(Stored data entries)
========
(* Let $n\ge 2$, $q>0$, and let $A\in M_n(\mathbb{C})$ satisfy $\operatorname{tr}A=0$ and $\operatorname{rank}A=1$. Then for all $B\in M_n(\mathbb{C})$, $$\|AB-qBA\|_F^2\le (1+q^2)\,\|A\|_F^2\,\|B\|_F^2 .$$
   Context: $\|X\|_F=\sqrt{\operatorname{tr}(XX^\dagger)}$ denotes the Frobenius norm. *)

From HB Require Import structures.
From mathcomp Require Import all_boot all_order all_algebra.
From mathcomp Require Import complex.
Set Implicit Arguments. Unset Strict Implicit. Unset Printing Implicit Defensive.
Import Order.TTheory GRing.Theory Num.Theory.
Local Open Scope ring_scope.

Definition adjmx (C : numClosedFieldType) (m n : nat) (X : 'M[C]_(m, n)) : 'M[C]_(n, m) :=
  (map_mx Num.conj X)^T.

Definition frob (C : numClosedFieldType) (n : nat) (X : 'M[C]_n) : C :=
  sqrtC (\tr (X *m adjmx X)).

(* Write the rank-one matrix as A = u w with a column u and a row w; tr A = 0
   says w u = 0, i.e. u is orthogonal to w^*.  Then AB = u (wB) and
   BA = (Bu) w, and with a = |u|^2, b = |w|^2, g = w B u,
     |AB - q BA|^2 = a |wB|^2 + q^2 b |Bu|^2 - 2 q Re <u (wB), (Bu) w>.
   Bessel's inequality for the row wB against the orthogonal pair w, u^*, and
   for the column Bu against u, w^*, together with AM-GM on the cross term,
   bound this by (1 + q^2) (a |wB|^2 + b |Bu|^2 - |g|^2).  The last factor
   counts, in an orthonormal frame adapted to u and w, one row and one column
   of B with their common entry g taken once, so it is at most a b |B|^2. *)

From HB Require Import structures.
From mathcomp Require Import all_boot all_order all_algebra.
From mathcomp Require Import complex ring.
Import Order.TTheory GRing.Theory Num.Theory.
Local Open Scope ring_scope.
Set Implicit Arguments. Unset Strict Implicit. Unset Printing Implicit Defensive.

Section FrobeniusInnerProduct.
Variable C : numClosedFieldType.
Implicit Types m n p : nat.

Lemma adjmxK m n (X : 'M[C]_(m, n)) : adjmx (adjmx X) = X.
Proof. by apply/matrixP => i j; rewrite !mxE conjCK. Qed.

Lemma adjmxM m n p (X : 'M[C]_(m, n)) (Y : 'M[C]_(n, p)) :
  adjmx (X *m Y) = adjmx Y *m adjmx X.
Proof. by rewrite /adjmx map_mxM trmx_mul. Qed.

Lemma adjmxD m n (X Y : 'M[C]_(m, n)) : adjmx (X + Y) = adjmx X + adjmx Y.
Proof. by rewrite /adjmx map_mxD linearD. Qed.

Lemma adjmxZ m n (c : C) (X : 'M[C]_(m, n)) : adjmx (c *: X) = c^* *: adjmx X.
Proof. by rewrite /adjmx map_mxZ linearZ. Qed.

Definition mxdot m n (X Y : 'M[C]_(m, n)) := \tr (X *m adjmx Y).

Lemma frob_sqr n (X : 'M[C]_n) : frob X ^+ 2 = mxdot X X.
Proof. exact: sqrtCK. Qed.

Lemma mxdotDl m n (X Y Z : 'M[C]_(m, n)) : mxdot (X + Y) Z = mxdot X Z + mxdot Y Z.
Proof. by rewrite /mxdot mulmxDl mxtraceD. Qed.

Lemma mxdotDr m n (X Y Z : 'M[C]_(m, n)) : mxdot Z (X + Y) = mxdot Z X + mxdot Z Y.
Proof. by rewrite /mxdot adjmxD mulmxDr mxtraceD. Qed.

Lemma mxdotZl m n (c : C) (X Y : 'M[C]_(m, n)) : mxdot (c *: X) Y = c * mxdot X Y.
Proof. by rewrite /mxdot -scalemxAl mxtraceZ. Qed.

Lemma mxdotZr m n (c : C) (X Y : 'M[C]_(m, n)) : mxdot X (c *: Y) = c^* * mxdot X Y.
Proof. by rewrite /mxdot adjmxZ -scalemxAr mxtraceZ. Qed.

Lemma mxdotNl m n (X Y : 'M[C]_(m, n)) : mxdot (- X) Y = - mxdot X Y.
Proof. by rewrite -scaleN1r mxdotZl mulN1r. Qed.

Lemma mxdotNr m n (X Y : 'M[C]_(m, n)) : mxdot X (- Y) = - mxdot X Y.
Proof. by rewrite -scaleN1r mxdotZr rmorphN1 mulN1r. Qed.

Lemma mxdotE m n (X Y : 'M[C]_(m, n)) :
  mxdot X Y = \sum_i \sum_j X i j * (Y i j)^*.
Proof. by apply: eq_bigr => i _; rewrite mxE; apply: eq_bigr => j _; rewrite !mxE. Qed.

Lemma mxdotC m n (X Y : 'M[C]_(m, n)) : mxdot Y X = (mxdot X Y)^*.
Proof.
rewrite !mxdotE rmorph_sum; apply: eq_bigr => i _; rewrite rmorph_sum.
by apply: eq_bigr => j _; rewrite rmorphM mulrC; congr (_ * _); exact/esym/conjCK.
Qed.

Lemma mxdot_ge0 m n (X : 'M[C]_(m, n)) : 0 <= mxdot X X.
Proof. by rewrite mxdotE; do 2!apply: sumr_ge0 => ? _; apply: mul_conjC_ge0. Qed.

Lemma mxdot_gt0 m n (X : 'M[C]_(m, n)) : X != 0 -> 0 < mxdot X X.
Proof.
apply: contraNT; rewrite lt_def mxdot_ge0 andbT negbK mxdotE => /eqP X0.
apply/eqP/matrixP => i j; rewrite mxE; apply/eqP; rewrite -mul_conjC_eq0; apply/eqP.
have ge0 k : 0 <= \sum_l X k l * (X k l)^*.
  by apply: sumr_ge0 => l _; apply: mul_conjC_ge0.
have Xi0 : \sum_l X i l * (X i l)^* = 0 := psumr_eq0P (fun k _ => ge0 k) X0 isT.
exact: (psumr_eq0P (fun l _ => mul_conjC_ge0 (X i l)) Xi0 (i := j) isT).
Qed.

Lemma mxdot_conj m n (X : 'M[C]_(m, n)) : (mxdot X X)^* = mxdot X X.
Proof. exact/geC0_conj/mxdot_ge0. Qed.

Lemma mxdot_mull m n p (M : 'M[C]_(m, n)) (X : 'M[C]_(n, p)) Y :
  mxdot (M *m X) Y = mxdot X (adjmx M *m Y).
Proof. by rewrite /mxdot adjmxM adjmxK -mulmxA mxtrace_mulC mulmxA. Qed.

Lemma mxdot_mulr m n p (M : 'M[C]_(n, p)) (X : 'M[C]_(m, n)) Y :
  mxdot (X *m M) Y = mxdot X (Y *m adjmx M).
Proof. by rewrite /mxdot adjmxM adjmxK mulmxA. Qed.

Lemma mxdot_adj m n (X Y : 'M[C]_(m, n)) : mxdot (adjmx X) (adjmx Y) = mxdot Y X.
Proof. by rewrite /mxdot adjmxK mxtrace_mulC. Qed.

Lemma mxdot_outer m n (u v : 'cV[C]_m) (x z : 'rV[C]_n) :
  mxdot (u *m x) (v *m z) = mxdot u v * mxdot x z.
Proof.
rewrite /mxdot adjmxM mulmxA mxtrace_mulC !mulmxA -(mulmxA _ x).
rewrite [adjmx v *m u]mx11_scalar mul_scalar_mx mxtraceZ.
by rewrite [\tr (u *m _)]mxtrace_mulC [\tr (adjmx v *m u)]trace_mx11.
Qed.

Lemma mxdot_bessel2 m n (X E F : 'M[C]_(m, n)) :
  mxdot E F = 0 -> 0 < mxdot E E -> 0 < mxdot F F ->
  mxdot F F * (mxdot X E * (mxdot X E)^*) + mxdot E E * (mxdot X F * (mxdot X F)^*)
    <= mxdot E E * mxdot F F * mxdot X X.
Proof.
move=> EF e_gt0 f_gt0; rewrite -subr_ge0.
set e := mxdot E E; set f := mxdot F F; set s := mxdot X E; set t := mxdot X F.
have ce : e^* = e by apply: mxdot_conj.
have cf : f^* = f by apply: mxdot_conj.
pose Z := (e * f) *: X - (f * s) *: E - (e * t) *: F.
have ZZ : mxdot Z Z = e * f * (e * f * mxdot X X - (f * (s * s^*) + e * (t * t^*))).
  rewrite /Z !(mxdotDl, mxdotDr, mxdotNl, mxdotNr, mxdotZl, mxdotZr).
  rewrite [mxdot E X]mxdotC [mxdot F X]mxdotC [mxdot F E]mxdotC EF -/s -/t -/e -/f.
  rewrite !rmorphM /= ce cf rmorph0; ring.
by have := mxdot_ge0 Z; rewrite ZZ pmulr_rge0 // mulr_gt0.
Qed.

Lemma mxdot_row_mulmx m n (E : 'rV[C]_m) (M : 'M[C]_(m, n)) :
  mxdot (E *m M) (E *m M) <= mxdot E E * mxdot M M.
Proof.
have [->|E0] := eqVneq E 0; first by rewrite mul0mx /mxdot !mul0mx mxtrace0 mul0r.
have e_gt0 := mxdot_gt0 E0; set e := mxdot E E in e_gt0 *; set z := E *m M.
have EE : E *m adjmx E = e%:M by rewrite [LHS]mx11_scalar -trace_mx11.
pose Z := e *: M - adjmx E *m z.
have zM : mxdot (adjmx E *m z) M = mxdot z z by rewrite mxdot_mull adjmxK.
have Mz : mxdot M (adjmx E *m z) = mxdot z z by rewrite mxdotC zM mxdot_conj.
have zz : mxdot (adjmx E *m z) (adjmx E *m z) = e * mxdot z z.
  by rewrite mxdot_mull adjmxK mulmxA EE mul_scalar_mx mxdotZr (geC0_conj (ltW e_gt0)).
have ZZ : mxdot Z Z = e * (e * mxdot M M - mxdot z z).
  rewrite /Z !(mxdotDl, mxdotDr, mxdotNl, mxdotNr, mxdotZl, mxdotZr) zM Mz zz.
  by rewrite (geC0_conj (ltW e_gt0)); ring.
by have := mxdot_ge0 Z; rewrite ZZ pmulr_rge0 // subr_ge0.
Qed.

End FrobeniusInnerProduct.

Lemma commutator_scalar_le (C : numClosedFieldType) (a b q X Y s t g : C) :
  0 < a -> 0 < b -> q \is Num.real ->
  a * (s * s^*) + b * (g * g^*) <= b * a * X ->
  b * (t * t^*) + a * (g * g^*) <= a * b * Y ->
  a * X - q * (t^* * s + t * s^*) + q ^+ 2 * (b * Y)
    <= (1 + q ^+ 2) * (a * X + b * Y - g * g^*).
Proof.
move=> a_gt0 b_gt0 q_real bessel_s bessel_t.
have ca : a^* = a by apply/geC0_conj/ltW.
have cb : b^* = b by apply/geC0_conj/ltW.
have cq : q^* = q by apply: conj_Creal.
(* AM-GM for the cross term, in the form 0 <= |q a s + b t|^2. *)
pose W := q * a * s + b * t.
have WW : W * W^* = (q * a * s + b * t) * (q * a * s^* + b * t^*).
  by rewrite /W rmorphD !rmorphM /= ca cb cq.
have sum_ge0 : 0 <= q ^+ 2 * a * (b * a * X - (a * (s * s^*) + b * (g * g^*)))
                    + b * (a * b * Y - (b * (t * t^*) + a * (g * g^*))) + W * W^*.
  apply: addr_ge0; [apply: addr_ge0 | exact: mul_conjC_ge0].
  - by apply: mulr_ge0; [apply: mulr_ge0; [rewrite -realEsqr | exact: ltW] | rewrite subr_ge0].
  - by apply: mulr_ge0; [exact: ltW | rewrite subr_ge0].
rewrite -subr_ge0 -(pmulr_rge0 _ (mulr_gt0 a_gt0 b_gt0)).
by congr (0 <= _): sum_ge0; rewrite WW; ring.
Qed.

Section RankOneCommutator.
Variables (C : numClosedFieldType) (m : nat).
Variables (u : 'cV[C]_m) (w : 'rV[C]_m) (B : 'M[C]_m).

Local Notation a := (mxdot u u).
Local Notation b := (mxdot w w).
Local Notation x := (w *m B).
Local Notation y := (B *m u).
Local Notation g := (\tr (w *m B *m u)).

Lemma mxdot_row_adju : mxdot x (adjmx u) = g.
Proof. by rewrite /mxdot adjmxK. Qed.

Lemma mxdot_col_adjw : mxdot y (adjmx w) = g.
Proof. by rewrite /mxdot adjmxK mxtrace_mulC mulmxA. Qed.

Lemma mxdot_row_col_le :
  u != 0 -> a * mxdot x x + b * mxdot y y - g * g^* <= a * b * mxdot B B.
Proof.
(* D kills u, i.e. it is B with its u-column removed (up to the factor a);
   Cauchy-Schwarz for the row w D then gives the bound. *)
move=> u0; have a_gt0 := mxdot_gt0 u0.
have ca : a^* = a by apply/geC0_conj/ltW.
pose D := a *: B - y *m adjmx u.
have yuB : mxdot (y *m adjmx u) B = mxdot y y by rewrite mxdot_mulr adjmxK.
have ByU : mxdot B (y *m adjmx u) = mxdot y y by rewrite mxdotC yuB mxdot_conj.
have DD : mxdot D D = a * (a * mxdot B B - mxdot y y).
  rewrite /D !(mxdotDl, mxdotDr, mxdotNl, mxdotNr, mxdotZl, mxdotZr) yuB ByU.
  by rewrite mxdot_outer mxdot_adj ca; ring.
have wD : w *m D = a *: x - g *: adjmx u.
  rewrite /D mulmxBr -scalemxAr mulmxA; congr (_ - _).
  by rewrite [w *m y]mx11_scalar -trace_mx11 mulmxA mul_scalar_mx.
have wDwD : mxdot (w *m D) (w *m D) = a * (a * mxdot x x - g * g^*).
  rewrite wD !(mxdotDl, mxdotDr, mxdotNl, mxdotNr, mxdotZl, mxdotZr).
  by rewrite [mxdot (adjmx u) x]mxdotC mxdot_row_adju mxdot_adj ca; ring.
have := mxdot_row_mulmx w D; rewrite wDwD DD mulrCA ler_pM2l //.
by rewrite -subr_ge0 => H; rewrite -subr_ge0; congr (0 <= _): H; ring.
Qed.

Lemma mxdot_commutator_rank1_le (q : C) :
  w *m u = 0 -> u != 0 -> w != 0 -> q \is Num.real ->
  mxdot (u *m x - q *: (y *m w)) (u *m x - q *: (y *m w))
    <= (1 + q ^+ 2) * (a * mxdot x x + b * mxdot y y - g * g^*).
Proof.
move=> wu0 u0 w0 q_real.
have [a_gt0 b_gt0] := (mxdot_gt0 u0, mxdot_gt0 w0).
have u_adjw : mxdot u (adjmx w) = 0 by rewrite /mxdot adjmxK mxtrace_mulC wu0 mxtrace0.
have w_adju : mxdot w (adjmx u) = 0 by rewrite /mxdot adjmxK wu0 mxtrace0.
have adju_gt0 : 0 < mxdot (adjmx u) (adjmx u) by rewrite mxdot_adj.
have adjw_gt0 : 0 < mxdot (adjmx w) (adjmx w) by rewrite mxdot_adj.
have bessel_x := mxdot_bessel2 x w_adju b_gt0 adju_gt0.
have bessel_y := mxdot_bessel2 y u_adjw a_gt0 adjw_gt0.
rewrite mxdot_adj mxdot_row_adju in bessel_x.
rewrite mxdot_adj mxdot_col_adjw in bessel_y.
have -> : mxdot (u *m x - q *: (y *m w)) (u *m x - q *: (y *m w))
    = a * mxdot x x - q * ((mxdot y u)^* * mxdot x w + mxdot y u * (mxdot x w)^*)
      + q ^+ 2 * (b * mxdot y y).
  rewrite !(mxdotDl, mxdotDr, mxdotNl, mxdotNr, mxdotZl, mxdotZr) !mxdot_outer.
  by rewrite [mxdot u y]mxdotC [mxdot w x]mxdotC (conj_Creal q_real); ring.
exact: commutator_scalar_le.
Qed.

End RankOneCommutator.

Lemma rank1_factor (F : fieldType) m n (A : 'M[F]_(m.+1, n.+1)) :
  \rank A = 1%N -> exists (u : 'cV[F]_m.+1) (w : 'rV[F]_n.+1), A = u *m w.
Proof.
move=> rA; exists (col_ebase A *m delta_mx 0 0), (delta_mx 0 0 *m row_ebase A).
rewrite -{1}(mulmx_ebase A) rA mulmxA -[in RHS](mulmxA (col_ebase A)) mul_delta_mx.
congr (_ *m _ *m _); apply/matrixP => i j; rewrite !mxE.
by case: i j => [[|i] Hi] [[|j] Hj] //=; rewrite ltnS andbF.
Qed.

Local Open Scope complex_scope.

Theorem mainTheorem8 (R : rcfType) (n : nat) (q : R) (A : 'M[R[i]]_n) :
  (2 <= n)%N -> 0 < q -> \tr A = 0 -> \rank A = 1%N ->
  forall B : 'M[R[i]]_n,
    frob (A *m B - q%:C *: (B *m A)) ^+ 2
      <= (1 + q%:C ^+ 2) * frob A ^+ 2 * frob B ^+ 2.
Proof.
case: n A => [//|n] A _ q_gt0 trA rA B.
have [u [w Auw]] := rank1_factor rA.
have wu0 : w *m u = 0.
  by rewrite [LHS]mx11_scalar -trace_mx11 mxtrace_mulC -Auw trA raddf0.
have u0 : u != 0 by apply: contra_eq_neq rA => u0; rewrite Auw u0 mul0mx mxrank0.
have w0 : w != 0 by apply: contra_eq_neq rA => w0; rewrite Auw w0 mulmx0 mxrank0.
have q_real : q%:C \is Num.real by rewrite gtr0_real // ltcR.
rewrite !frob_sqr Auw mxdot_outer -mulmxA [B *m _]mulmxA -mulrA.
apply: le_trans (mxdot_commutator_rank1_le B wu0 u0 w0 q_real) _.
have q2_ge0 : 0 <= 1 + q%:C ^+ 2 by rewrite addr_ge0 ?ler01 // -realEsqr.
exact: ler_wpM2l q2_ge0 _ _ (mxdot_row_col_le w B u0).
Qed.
========
- WHAT THE TASK REQUIRES
Among the records, find the lines that contain "Definition" and copy each of them.

- TASK RESULT
Definition adjmx (C : numClosedFieldType) (m n : nat) (X : 'M[C]_(m, n)) : 'M[C]_(n, m) :=
Definition frob (C : numClosedFieldType) (n : nat) (X : 'M[C]_n) : C :=
Definition mxdot m n (X Y : 'M[C]_(m, n)) := \tr (X *m adjmx Y).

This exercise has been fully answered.